The Seventh Circuit disagreed. The insurance policy excludes contractors and employees of contractors from coverage for bodily injury arising out of performing services for which the insured (Paszco) may be liable. “Contractor” includes subcontractors, so the question, the court said, was whether Raincoat was either a subcontractor or performing services to Prince, a contractor, when the accident took place. If so, Rybaltowski is a “contractor” for policy purposes and is not covered. Noting that the contract is poorly drafted, the Seventh decided that more information is required. The court ultimately found that Rybaltowski’s demonstration work, essentially an application for the job, did not qualify as “services of any kind” because no contract was signed. Thus, he is covered if the defendant companies are additional insureds, and it remanded the case for the district court to determine this.
I was interested, as a Missouri head injury attorney, to see that the Seventh Circuit cast doubt on the usefulness of the policy. As it noted, most liability policies issued to construction companies don’t exclude coverage for subcontractors’ employees like Rybaltowski.
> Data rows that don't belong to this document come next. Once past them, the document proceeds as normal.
Lemma dist2_diffE (R : realType) (N Q : nat) (h : BorelRN R N -> BorelRN R N -> R)
    (z0 : BorelRN R N) (a : 'I_Q -> R) (x : 'I_Q -> BorelRN R N)
    (Pp Pn : {measure set BorelRN R N -> \bar R}) :
  let K := kz0 h z0 in let g := mean_embedding Pp Pn K in
  (forall x y, K x y = K y x) ->
  (forall z, Pp.-integrable setT (EFin \o K ^~ z)) ->
  (forall z, Pn.-integrable setT (EFin \o K ^~ z)) ->
  Pp.-integrable setT (EFin \o g) -> Pn.-integrable setT (EFin \o g) ->
  dist2_diff h z0 a x Pp Pn = energy K g a x + sint Pp Pn g.
Proof.
move=> K g K_sym Kp_int Kn_int gp_int gn_int.
pose F y := \sum_p a p * K y (x p) - g y.
have -> : dist2_diff h z0 a x Pp Pn = \sum_q a q * F (x q) - sint Pp Pn F.
  rewrite /dist2_diff /sint_diff /F; congr (_ - _).
    by apply: eq_bigr => q _; congr (_ * (_ - _)); apply: eq_bigr => p _; rewrite K_sym.
  by congr (_ - _); apply: eq_Rintegral => y _; congr (_ - _); apply: eq_bigr => p _; rewrite K_sym.
rewrite /sint /F !Rintegral_kernel_combination // /energy.
have -> : \sum_q a q * (\sum_p a p * K (x q) (x p) - g (x q)) =
    \sum_q \sum_p a q * a p * K (x p) (x q) - \sum_q a q * g (x q).
  rewrite -sumrB; apply: eq_bigr => q _; rewrite mulrBr mulr_sumr; congr (_ - _).
  by apply: eq_bigr => p _; rewrite mulrA K_sym.
have : \sum_p a p * \int[Pp]_y K y (x p) - \sum_p a p * \int[Pn]_y K y (x p) =
    \sum_q a q * g (x q).
  by rewrite -sumrB; apply: eq_bigr => p _; rewrite -mulrBr.
lra.
Qed.

Theorem proposition2 (R : realType) (N Q : nat) (hQ : (1 <= Q)%N)
    (h : BorelRN R N -> BorelRN R N -> R)
    (Pp Pn : {finite_measure set BorelRN R N -> \bar R}) (z0 : BorelRN R N) :
  (forall x y, 0 <= h x y) ->
  cond_neg_def_kernel h ->
  mutually_singular Pp Pn ->
  in_embedding h z0 Pp Pn ->
  0 < smass Pp Pn ->
  (* 1. h is continuous on X x X *)
  continuous (fun p : 'rV[R]_N * 'rV[R]_N => h p.1 p.2) ->
  (* 2. an associated positive definite kernel k *)
  (exists k : 'rV[R]_N -> 'rV[R]_N -> R,
     [/\ pos_def_kernel k,
         (forall x y, h x y = k x x + k y y - 2 * k x y),
         (forall M : R, exists r : R, forall x, r < `|x| -> M < k x x),
         (forall y, exists b : R, forall x, `|k x y| <= b) &
     (* 3. k is bounded from below *)
         (exists CL : R, forall x y, CL <= k x y)]) ->
  exists (a : 'I_Q -> R) (x : 'I_Q -> BorelRN R N),
    [/\ (forall q, 0 <= a q), \sum_(q < Q) a q = smass Pp Pn &
        forall (b : 'I_Q -> R) (y : 'I_Q -> BorelRN R N),
          (forall q, 0 <= b q) -> \sum_(q < Q) b q = smass Pp Pn ->
          dist2_diff h z0 a x Pp Pn <= dist2_diff h z0 b y Pp Pn].
Proof.
move=> _ _ _ [emb_p emb_n] m_gt0 h_cont [k [k_pd hk k_coer k_bnd k_lb]].
have K_cvg := kz0_cvg (z0 := z0) h_cont; have K_CS := kz0_Cauchy_Schwarz z0 k_pd hk.
have sq_p := integrable_sqrtK K_cvg emb_p; have sq_n := integrable_sqrtK K_cvg emb_n.
have [C [C_le0 K_ge]] := kz0_lbound hk k_lb (k_bnd z0).
have [G G_le] := mean_embedding_le K_cvg K_CS sq_p sq_n.
have [a [x [[a_ge0 a_sum] a_min]]] := energy_attains_min hQ (ltW m_gt0)
  (kz0_diag_ge0 z0 k_pd hk) C_le0 K_ge (kz0_coercive hk (k_bnd z0) k_coer) K_cvg G_le
  (mean_embedding_cvg K_cvg K_CS sq_p sq_n)
  (mean_embedding_vanish K_cvg K_CS (kz0_row_bounded z0 k_pd hk k_bnd) sq_p sq_n).
have dist2E (c : 'I_Q -> R) (w : 'I_Q -> BorelRN R N) := dist2_diffE c w
  (kz0C z0 k_pd hk) (integrable_K K_cvg K_CS sq_p)
  (integrable_K K_cvg K_CS sq_n)
  (integrable_mean_embedding K_cvg K_CS sq_p sq_n sq_p)
  (integrable_mean_embedding K_cvg K_CS sq_p sq_n sq_n).
exists a, x; split => // b y b_ge0 b_sum.
by rewrite !dist2E lerD2r; apply: a_min.
Qed.
(* Let $T_l$ be a $2m$ deck-shuffler IET and $H_l$ as below. For $C\subset[0,1)$ let $J(C)$ denote the closed convex hull of $H_l(C)$ in $\mathbb{R}$. For sets $X,Y\subset\mathbb{R}$ write $X<Y$ if $x<y$ for all $x\in X$, $y\in Y$. Then: (i) if $1\le i\le m-1$ and $H_l(A_i)$ is a single point, then $J(B_i)-\tfrac12<J(A_i)$ or $J(A_i)<J(B_{i+1})-\tfrac12$; (ii) if $2\le i\le m$ and $H_l(B_i)$ is a single point, then $J(A_{i-1})+\tfrac12<J(B_i)$ or $J(B_i)<J(A_i)+\tfrac12$; (iii) if $H_l(A_m\cup B_1)$ is a single point, then $J(B_m)-\tfrac12<J(A_m\cup B_1)$ or $J(A_m\cup B_1)<J(A_1)+\tfrac12$.
   Context: A $2m$ deck-shuffler IET $T_l$ is the map $[0,1)\to[0,1)$ determined by a length vector $l$ giving a partition of $[0,1)$ into consecutive left-closed right-open intervals $A_1<\dots<A_m<B_1<\dots<B_m$ of positive lengths, with $T_l(x)=x+|B_1|+\dots+|B_i|$ for $x\in A_i$ and $T_l(x)=x-|A_i|-\dots-|A_m|$ for $x\in B_i$. $B=B_1\cup\dots\cup B_m$ and $H_l(x)=\sum_{n=0}^\infty \chi_B(T_l^n x)/2^{n+1}$. For a set $X$ and $c\in\mathbb{R}$, $X+c=\{x+c:x\in X\}$. *)

From Stdlib Require Import Reals Rtopology.
From Coquelicot Require Import Coquelicot.
Open Scope R_scope.

(* psum f n = f 1 + ... + f n  (indices start at 1). *)
Fixpoint psum (f : nat -> R) (n : nat) : R :=
  match n with O => 0 | S k => psum f k + f (S k) end.

Definition ind (u v x : R) : R :=
  if Rle_dec u x then (if Rlt_dec x v then 1 else 0) else 0.

Section DS.
(* m : number of blocks; a i = |A_i|, b i = |B_i| for 1 <= i <= m. *)
Variables (m : nat) (a b : nat -> R).

Definition SA : R := psum a m.

Definition Aset (i : nat) (x : R) : Prop := psum a (i - 1) <= x < psum a i.
Definition Bset (i : nat) (x : R) : Prop :=
  SA + psum b (i - 1) <= x < SA + psum b i.

(* The deck-shuffler map: x in A_i |-> x + |B_1|+..+|B_i|,
   x in B_i |-> x - (|A_i|+..+|A_m|). (Identity outside [0,1), irrelevant.) *)
Definition Tmap (x : R) : R :=
  x + psum (fun i => ind (psum a (i - 1)) (psum a i) x * psum b i) m
    - psum (fun i => ind (SA + psum b (i - 1)) (SA + psum b i) x
                     * (SA - psum a (i - 1))) m.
This kind of unusually narrow contract language can invalidate a contract entirely, if the court finds that the coverage is therefore “illusory.” While that didn’t happen here—because the insurance would still cover injuries to passers-by and visitors to the job site—it’s clearly not in the public’s interest for insurance companies to issue policies that don’t cover the most likely injuries, leaving the construction company to go bankrupt and the injured person without redress. As a St. Louis injury lawyer, I would be pleased to see a court invalidate or limit the use of such policies.
Carey, Danis & Lowe represents clients across Missouri and southern Illinois who have suffered serious injuries because of someone else’s carelessness. If you’d like to talk to us about your rights and your legal options, call us today at 1-877-678-3400 or send us an email for a free consultation.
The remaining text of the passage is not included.